CompBio style guide
Regardless of the styles you will follow, please do be sure to
read the general and specific suggestions/tips regarding creating and publishing manuscripts, posters, web
pages, and grant applications. The ram.org
style guide may also be relevant.
Do
- Do write with excellent grammar, spelling, punctuation. This
should be the norm (not to mention that the latest research has
shown that it is correlated with a longer lifespan, with a P-value
of 0.49). Organisation and consistency particularly is key. Finally,
clarity of what you present is the most important. "suggestion" is
quoted because it is used in the sense that elements of a 12 step
program is a suggestion (smiley face for the humour impaired). It
signals our collective wisdom and if you deviate from it without
good reason, it's the end of the world (insert another smiley with
tongue in cheek).
- Do know difference between "you're" and "your", "it's" and
"its", "there" and "their". See the external urls section for help with this.

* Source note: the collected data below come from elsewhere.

Definition model {R : realType} {n : nat} (f : 'rV[R]_n -> R)
  (gf : 'rV[R]_n -> 'rV[R]_n) (psi : 'rV[R]_n -> \bar R)
  (d : 'rV[R]_n -> R) (gd : 'rV[R]_n -> 'rV[R]_n) (A : R) (xbar y : 'rV[R]_n)
  : \bar R :=
  ((f xbar + pair (gf xbar) (y - xbar)
    + 1 / 2 * pair (hess gf xbar (y - xbar)) (y - xbar)
    + A * bregman d gd xbar y)%:E + psi y)%E.

Definition is_TA {R : realType} {n : nat} (f : 'rV[R]_n -> R)
  (gf : 'rV[R]_n -> 'rV[R]_n) (psi : 'rV[R]_n -> \bar R)
  (d : 'rV[R]_n -> R) (gd : 'rV[R]_n -> 'rV[R]_n) (A : R) (xbar T : 'rV[R]_n)
  : Prop :=
  T \in dom psi /\
  forall y, y \in dom psi ->
    (model f gf psi d gd A xbar T <= model f gf psi d gd A xbar y)%E.

From HB Require Import structures.
From mathcomp Require Import all_boot all_order all_algebra.
From mathcomp Require Import all_classical all_reals all_analysis.
From mathcomp Require Import ring lra.
Import Order.TTheory GRing.Theory Num.Theory.
Import numFieldNormedType.Exports.
Local Open Scope classical_set_scope.
Local Open Scope ring_scope.

(* Put h = T - xbar and Q = hess f(xbar).  Comparing the model at T with its value
   at T + t (xbar - T), using convexity of psi and strong convexity of d, and letting
   t -> 0 gives  psi T - psi xbar <= - <grad f(xbar), h> - <Q h, h> - A sigma ||h||^2.
   Together with the subgradient inequality psi T >= psi xbar + <s, h> and Q >= 0
   this yields A sigma ||h||^2 <= ||F'||_* ||h||; as (A sigma)^2 = H ||F'||_* / 3
   with A > 0 (since F' <> 0), the cubic term H/6 ||h||^3 is at most
   A sigma/2 ||h||^2, which with the cubic upper bound on f T gives the claim. *)

Section Pairing.
Context {R : realType} {n : nat}.
Implicit Types (g h x y : 'rV[R]_n).

Lemma pairC g x : pair g x = pair x g.
Proof. by apply: eq_bigr => i _; rewrite mulrC. Qed.

Lemma pairDl g h x : pair (g + h) x = pair g x + pair h x.
Proof. by rewrite /pair -big_split; apply: eq_bigr => i _; rewrite !mxE mulrDl. Qed.

Lemma pairZl k g x : pair (k *: g) x = k * pair g x.
Proof. by rewrite /pair mulr_sumr; apply: eq_bigr => i _; rewrite !mxE mulrA. Qed.

Lemma pairNl g x : pair (- g) x = - pair g x.
Proof. by rewrite -scaleN1r pairZl mulN1r. Qed.

Lemma pairBl g h x : pair (g - h) x = pair g x - pair h x.
Proof. by rewrite pairDl pairNl. Qed.

Lemma pairZr k g x : pair g (k *: x) = k * pair g x.
Proof. by rewrite pairC pairZl pairC. Qed.

Lemma pairNr g x : pair g (- x) = - pair g x.
Proof. by rewrite pairC pairNl pairC. Qed.

Lemma pair0r g : pair g 0 = 0.
Proof. by rewrite -(scale0r 0) pairZr mul0r. Qed.

Lemma pair_self_gt0 {g} : g != 0 -> 0 < pair g g.
Proof.
move=> g_neq0; have [i gi_neq0] : exists i, g ord0 i != 0.
  apply/not_existsP => gi_eq0; move/eqP: g_neq0; apply; apply/rowP => i.
  by rewrite !mxE; have := gi_eq0 i; case: eqP.
rewrite /pair (bigD1 i) //= ltr_pwDl ?sumr_ge0 // => [|j _]; last first.
  by rewrite -expr2 sqr_ge0.
by rewrite lt_neqAle eq_sym mulf_neq0 //= -expr2 sqr_ge0.
Qed.

Lemma coord_le_mx_norm x j : `|x ord0 j| <= `|x|.
Proof.
rewrite [leRHS]/Num.norm /= mx_normrE; apply/bigmax_geP; right => /=.
by exists (ord0, j).
Qed.

Lemma norm_pair_le g x : `|pair g x| <= (\sum_(j < n) `|g ord0 j|) * `|x|.
Proof.
rewrite /pair mulr_suml; apply: (le_trans (ler_norm_sum _ _ _)).
apply: ler_sum => j _; rewrite normrM.
by apply: ler_wpM2l => //; apply: coord_le_mx_norm.
Qed.

Lemma lipschitz_continuous (phi : 'rV[R]_n -> R) C : 0 < C ->
  (forall x y, `|phi x - phi y| <= C * `|x - y|) -> continuous phi.
Proof.
move=> C_gt0 phi_lip x; apply/(@cvgrPdist_lt _ _ _ (nbhs x)) => e e_gt0.
near=> z; rewrite (le_lt_trans (phi_lip _ _)) // -ltr_pdivlMl //.
near: z; apply: (@cvgr_dist_lt _ _ _ _ _ (@id ('rV[R]_n))); first exact: cvg_id.
by rewrite mulr_gt0 ?invr_gt0.
Unshelve. all: by end_near. Qed.

Lemma pair_continuousl h : continuous (pair ^~ h).
Proof.
apply: (@lipschitz_continuous _ (\sum_(j < n) `|h ord0 j| + 1)).
  by rewrite ltr_wpDl // sumr_ge0.
move=> g g'; rewrite -pairBl pairC.
by apply: (le_trans (norm_pair_le _ _)); apply: ler_wpM2r => //; lra.
Qed.

End Pairing.

Section Norm.
Context {R : realType} {n : nat} {nrm : 'rV[R]_n -> R}.
Hypothesis nrm_norm : is_norm nrm.
Implicit Types (g x y : 'rV[R]_n).

Lemma nrmD x y : nrm (x + y) <= nrm x + nrm y.
Proof. by case: nrm_norm. Qed.

Lemma nrmZ k x : nrm (k *: x) = `|k| * nrm x.
Proof. by case: nrm_norm. Qed.

Lemma nrm_eq0 x : nrm x = 0 -> x = 0.
Proof. by case: nrm_norm => _ _; apply. Qed.

Lemma nrm0 : nrm 0 = 0.
Proof. by rewrite -(scale0r 0) nrmZ normr0 mul0r. Qed.

Lemma nrmN x : nrm (- x) = nrm x.
Proof. by rewrite -scaleN1r nrmZ normrN normr1 mul1r. Qed.

Lemma nrm_ge0 x : 0 <= nrm x.
Proof. by have := nrmD x (- x); rewrite subrr nrm0 nrmN; lra. Qed.

Lemma nrm_gt0 {x} : x != 0 -> 0 < nrm x.
Proof.
move=> x_neq0; rewrite lt_neqAle nrm_ge0 andbT eq_sym.
by apply: contra_neq x_neq0; apply: nrm_eq0.
Qed.

Lemma nrm_le_mx_norm : exists2 C, 0 < C & forall x, nrm x <= C * `|x|.
Proof.
exists (\sum_(j < n) nrm (delta_mx ord0 j) + 1) => [|x].
  by rewrite ltr_wpDl // sumr_ge0 // => j _; apply: nrm_ge0.
rewrite mulrDl mul1r ler_wpDr // {1}(row_sum_delta x) mulr_suml.
elim/big_ind2: _ => [|a a' b b' IHa IHb|j _]; first by rewrite nrm0.
  by apply: (le_trans (nrmD _ _)); apply: lerD.
by rewrite nrmZ mulrC ler_wpM2l ?nrm_ge0 ?coord_le_mx_norm.
Qed.

Lemma nrm_continuous : continuous nrm.
Proof.
have [C C_gt0 nrm_le] := nrm_le_mx_norm.
apply: (lipschitz_continuous _ _ C_gt0) => x y.
have := nrmD (x - y) y; have := nrmD (y - x) x; have := nrm_le (x - y).
rewrite !subrK -opprB nrmN => ? ? ?; apply/ler_normlP; split; lra.
Qed.

(* Equivalence of norms: nrm attains a positive minimum on the unit sphere of the max norm. *)
Lemma mx_norm_le_nrm : exists2 m, 0 < m & forall x, m * `|x| <= nrm x.
Proof.
pose S := [set x : 'rV[R]_n | `|x| = 1].
have normalize_in_S x : x != 0 -> S (`|x|^-1 *: x).
  by move=> x_neq0; rewrite /S /= normrZ normfV normr_id mulVf // normr_eq0.
have [S_neq0|S0] := pselect (S !=set0); last first.
  exists 1 => // x; have [->|x_neq0] := eqVneq x 0; first by rewrite normr0 mulr0 nrm0.
  by exfalso; apply: S0; exists (`|x|^-1 *: x); apply: normalize_in_S.
have S_compact : compact S.
  apply: bounded_closed_compact.
    exists 1; split; first by rewrite num_real.
    by move=> M M_gt1 x S_x /=; rewrite S_x ltW.
  apply: (@preimage_closed _ _ (fun x : 'rV[R]_n => `|x|) [set y | y = 1]).
    by move=> x _; apply: norm_continuous.
  exact: closed_eq.
have [c S_c c_min] : exists2 c, c \in S & forall x, x \in S -> nrm c <= nrm x.
  by apply: EVT_min_rV => //; apply: continuous_subspaceT; apply: nrm_continuous.
have c_neq0 : c != 0.
  apply: contraTneq S_c => ->; apply/negP.
  by rewrite in_setE /S /= normr0 => /esym/eqP; rewrite oner_eq0.
exists (nrm c) => [|x]; first exact: nrm_gt0.
have [->|x_neq0] := eqVneq x 0; first by rewrite normr0 mulr0 nrm0.
have := c_min _ (mem_set (normalize_in_S _ x_neq0)).
by rewrite nrmZ normfV normr_id ler_pdivlMl ?normr_gt0 // mulrC.
Qed.

Lemma dual_norm_has_sup g : has_sup [set pair g x | x in [set x | nrm x <= 1]].
Proof.
split; first by exists (pair g 0), 0 => //=; rewrite nrm0.
have [m m_gt0 m_le] := mx_norm_le_nrm.
exists ((\sum_(j < n) `|g ord0 j|) / m) => _ [x /= x_le1 <-].
apply: (le_trans (ler_norm _)); apply: (le_trans (norm_pair_le g x)).
apply: ler_wpM2l; first by apply: sumr_ge0.
by rewrite -(ler_pM2l m_gt0) mulfV ?gt_eqF //; apply: (le_trans (m_le x)).
Qed.

Lemma pair_le_dual_norm g x : pair g x <= dual_norm nrm g * nrm x.
Proof.
have [->|x_neq0] := eqVneq x 0; first by rewrite pair0r nrm0 mulr0.
have x_gt0 : 0 < nrm x by apply: nrm_gt0.
have : pair g ((nrm x)^-1 *: x) <= dual_norm nrm g.
  apply: sup_upper_bound; first exact: dual_norm_has_sup.
  by exists ((nrm x)^-1 *: x) => //=; rewrite nrmZ normfV gtr0_norm // mulVf ?gt_eqF.
by rewrite pairZr ler_pdivrMl // mulrC.
Qed.

Lemma dual_norm_gt0 {g} : g != 0 -> 0 < dual_norm nrm g.
Proof.
move=> g_neq0; have := pair_le_dual_norm g g.
have := pair_self_gt0 g_neq0; have := nrm_gt0 g_neq0; nra.
Qed.

End Norm.

Section Limits.
Context {R : realType}.

Lemma cvg_at0_le (u : R -> R) l c : u @ 0^' --> l ->
  (forall t, 0 < t < 1 -> u t <= c) -> l <= c.
Proof.
move=> /cvg_dnbhs_at_right u_cvg u_le; apply: (cvgr_to_le u_cvg).
near=> t; apply: u_le; apply/andP; split; near: t; first exact: nbhs_right_gt.
by apply: nbhs_right_lt; exact: ltr01.
Unshelve. all: by end_near. Qed.

Lemma cvg_at0_ge (u : R -> R) l c : u @ 0^' --> l ->
  (forall t, 0 < t < 1 -> c <= u t) -> c <= l.
Proof.
move=> /cvg_dnbhs_at_right u_cvg u_ge; apply: (cvgr_to_ge u_cvg).
near=> t; apply: u_ge; apply/andP; split; near: t; first exact: nbhs_right_gt.
by apply: nbhs_right_lt; exact: ltr01.
Unshelve. all: by end_near. Qed.

Lemma le0_of_mul_le_sqr (a c : R) :
  (forall t, 0 < t < 1 -> t * a <= t ^+ 2 * c) -> a <= 0.
Proof.
move=> a_le; rewrite leNgt; apply/negP => a_gt0.
have c_ge : 2 * a <= c.
  have := a_le 2^-1; rewrite invr_gt0 ltr0n invf_lt1 ?ltr0n ?ltr1n // => /(_ isT).
  by rewrite expr2 -mulrA ler_pM2l ?invr_gt0 ?ltr0n //; lra.
have c_gt0 : 0 < c by lra.
pose t := a / (2 * c).
have tc : t * c = a / 2 by rewrite /t; field; rewrite gt_eqF.
have t_gt0 : 0 < t by rewrite divr_gt0 // mulr_gt0.
have := a_le t; rewrite t_gt0 -(ltr_pM2r c_gt0) mul1r tc.
by move=> /(_ ltac:(lra)); rewrite expr2; nra.
Qed.

End Limits.

Section Convexity.
Context {R : realType} {n : nat} {f : 'rV[R]_n -> R} {gf : 'rV[R]_n -> 'rV[R]_n}.
Hypotheses (f_convex : convex_fun f) (f_grad : is_gradient f gf).
Implicit Types (h x y : 'rV[R]_n).

Lemma convex_gradient_le x y : f x + pair (gf x) (y - x) <= f y.
Proof.
have [f_diff dfE] := f_grad x.
rewrite -dfE -deriveE //.
suff : 'D_(y - x) f x <= f y - f x by lra.
apply: cvg_at0_le (diff_derivable f_diff) _ => t /andP[t_gt0 t_lt1] /=.
have -> : t *: (y - x) + x = t *: y + (1 - t) *: x.
  by rewrite scalerBr scalerBl scale1r -addrA (addrC (- _) x).
have := f_convex y x t; rewrite (ltW t_gt0) (ltW t_lt1) => /(_ isT).
by rewrite /GRing.scale /= ler_pdivrMl //; lra.
Qed.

- Do go over this entire list of suggestions and use it as a
checklist along with other guides and tips
and perform an appropriate search (and any necessary replacing)
before sending others documents to peruse. It wastes time and
prevents one from getting to the core issues in the document; this
shouldn't happen and in general you should never place a burden on
the reader to fix style issues already addressed here, even if only
mentally.
Do not
- Do not use contractions (i.e., "Don't use contractions") in
formal writing. It is sometimes okay on web pages.
Do not anthropomorphise or, more specifically, attribute actions to
inanimate objects: For example, "protein's structure" should be
"structure of a protein" (the former implies that the structure is
owned by the protein, something a protein cannot do). Also, "which"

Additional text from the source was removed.